Data provided Start Marker

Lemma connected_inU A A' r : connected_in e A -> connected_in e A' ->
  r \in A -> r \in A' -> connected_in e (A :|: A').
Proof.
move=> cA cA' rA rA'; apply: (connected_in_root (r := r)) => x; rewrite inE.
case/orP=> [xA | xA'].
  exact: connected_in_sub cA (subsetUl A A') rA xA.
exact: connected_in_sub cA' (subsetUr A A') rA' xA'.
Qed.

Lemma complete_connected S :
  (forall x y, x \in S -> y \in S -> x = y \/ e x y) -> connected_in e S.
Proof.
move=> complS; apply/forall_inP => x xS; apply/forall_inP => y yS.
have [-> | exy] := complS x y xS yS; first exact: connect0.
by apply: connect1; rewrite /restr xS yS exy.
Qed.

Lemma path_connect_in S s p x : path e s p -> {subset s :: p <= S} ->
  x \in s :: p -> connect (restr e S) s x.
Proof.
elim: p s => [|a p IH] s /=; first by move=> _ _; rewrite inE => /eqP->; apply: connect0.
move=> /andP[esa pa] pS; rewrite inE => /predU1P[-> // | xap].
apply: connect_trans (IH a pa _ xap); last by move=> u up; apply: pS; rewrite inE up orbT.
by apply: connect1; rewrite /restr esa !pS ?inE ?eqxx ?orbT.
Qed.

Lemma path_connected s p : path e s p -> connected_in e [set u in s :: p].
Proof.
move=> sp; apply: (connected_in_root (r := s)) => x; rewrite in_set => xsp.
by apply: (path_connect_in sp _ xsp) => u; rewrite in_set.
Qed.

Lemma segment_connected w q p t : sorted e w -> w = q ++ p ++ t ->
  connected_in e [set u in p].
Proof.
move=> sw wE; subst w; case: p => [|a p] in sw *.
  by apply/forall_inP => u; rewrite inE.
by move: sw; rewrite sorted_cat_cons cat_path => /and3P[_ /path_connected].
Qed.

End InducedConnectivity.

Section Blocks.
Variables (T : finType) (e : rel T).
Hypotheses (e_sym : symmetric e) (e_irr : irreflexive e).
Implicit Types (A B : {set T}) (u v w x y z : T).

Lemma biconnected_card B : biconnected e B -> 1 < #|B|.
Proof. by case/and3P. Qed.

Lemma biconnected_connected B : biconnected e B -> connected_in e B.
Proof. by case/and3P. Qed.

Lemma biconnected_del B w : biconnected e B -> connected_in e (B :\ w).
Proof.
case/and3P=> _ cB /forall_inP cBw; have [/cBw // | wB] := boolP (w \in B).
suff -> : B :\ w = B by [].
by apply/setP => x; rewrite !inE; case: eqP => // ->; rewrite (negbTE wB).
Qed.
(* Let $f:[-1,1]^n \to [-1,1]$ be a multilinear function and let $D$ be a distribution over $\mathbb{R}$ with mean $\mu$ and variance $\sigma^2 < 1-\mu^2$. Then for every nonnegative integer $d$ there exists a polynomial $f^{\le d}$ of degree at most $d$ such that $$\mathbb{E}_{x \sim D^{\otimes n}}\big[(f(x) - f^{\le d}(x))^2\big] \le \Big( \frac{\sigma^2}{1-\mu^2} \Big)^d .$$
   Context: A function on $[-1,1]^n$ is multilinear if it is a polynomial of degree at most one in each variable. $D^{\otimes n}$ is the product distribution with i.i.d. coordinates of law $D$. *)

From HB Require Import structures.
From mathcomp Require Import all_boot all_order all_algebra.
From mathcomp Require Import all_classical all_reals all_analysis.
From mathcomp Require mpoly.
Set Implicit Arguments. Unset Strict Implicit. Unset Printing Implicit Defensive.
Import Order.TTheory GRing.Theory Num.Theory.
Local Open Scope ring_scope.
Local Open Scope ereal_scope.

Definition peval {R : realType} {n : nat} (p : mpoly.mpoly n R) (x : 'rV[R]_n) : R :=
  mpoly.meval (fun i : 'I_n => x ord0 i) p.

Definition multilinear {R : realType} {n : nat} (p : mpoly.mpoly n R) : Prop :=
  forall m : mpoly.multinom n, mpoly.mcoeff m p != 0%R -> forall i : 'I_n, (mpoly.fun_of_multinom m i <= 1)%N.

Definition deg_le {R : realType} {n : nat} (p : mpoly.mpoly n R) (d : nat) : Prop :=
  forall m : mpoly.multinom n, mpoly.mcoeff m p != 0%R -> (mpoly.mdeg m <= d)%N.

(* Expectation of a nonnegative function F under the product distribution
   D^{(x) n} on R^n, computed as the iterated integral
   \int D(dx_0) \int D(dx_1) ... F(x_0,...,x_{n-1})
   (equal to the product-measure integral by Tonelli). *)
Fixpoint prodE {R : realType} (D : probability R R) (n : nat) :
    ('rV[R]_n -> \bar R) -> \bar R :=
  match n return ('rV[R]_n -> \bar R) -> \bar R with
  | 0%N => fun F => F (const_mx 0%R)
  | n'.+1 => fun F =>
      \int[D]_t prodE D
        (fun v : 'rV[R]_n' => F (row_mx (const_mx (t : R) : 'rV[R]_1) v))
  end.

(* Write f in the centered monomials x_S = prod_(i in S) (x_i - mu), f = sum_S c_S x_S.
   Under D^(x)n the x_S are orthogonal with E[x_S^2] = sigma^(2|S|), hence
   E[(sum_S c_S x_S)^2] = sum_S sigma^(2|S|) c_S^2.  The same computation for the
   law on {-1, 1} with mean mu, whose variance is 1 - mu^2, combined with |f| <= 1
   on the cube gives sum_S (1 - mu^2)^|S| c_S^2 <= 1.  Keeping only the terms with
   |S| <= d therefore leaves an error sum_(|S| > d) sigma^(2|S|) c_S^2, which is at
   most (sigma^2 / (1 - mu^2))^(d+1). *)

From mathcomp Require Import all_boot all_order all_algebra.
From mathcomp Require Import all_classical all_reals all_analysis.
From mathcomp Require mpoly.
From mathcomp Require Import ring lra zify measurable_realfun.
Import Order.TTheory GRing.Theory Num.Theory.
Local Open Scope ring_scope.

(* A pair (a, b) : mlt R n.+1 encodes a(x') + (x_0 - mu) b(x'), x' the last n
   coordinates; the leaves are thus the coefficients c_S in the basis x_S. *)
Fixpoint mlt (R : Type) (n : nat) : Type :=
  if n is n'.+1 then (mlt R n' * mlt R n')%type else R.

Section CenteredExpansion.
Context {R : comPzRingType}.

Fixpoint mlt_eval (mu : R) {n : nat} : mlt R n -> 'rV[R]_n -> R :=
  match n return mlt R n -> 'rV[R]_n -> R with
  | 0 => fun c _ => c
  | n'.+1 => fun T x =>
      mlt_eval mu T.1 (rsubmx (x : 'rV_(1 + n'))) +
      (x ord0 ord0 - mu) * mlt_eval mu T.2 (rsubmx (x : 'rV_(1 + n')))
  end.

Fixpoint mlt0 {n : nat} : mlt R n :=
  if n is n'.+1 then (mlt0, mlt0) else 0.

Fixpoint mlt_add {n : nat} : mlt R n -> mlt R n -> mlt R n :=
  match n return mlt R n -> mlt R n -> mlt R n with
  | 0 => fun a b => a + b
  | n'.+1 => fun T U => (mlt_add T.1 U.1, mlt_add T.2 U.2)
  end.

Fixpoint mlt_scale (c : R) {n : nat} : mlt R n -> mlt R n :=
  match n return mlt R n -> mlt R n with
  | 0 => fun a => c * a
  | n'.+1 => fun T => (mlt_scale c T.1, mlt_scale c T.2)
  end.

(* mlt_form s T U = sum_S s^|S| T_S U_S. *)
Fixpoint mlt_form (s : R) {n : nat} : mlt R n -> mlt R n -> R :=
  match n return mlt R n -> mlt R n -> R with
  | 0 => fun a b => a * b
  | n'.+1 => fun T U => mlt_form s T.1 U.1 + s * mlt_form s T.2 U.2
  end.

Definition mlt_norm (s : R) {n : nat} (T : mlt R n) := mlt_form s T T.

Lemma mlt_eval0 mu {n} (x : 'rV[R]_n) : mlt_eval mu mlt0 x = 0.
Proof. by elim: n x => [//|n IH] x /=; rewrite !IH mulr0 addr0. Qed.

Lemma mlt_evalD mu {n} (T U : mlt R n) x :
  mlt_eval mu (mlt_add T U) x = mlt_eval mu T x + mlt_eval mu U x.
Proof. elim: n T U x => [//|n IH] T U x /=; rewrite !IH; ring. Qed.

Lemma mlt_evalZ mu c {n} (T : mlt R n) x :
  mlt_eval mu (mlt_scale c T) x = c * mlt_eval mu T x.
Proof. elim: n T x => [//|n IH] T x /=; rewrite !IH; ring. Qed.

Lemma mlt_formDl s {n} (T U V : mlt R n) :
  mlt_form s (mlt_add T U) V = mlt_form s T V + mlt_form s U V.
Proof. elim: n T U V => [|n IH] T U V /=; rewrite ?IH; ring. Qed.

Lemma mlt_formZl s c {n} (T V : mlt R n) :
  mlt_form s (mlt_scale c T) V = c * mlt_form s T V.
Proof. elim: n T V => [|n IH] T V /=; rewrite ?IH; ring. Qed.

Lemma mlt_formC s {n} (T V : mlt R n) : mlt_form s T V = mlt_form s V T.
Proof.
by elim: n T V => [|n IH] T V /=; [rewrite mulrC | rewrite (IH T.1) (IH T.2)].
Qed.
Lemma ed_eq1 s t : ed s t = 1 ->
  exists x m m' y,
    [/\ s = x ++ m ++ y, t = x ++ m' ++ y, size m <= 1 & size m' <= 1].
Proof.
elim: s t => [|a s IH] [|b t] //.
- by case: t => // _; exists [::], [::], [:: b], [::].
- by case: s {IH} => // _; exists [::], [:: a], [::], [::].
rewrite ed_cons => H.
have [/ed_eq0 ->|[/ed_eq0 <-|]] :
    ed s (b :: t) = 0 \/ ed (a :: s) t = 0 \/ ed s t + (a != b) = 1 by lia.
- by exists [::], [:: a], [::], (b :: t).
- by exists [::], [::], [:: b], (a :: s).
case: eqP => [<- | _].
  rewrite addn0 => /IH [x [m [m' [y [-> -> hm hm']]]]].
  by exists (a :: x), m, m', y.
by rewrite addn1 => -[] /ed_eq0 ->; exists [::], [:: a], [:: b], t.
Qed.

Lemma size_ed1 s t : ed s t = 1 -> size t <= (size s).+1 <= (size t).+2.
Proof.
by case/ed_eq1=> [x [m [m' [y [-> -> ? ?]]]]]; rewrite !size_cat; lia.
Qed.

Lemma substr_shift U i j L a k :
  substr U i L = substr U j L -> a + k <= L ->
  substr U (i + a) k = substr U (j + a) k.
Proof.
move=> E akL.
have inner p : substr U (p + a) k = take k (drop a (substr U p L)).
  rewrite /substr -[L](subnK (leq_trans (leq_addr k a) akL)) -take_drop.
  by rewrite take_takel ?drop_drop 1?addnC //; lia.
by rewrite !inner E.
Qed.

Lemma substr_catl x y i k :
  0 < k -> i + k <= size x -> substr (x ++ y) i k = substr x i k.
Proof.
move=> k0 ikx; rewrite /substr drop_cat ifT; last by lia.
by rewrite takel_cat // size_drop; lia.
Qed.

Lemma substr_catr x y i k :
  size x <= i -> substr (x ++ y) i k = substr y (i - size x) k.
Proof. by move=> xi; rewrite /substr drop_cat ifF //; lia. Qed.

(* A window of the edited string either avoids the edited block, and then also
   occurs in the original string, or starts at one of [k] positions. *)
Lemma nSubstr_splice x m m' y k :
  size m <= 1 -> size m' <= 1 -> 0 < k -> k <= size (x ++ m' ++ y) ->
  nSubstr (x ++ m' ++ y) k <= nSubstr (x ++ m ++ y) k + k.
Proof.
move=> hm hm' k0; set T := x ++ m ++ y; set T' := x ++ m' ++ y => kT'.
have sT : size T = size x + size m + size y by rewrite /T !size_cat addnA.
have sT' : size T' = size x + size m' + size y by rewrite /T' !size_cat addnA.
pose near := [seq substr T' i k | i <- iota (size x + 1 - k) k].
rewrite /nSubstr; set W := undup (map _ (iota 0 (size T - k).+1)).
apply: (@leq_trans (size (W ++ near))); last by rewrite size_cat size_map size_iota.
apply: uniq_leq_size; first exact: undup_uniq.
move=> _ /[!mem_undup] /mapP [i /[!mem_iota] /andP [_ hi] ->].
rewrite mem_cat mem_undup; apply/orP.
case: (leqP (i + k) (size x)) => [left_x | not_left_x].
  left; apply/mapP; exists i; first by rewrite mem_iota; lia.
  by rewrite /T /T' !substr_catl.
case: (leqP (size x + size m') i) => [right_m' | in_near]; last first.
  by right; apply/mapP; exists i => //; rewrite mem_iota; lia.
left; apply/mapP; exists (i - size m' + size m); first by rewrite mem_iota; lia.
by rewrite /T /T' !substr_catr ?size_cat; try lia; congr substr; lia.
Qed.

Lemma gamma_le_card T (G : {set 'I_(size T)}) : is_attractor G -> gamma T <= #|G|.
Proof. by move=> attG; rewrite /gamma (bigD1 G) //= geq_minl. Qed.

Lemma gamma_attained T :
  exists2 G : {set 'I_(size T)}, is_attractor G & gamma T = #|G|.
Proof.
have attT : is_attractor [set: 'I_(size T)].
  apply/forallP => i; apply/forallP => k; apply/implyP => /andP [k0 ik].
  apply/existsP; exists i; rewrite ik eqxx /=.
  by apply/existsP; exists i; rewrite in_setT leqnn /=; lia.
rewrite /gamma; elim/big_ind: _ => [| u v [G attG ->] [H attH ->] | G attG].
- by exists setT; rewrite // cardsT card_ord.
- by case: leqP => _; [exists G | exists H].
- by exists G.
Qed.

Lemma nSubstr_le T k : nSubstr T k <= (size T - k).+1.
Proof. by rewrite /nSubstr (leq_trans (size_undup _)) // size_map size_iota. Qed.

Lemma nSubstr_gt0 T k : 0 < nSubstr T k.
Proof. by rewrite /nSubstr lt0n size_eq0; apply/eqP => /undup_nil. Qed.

Data provided End Marker

> **Prompt**
Find all the lines with "variance" in the data and copy them.

> **Result**
(* Let $f:[-1,1]^n \to [-1,1]$ be a multilinear function and let $D$ be a distribution over $\mathbb{R}$ with mean $\mu$ and variance $\sigma^2 < 1-\mu^2$. Then for every nonnegative integer $d$ there exists a polynomial $f^{\le d}$ of degree at most $d$ such that $$\mathbb{E}_{x \sim D^{\otimes n}}\big[(f(x) - f^{\le d}(x))^2\big] \le \Big( \frac{\sigma^2}{1-\mu^2} \Big)^d .$$
   law on {-1, 1} with mean mu, whose variance is 1 - mu^2, combined with |f| <= 1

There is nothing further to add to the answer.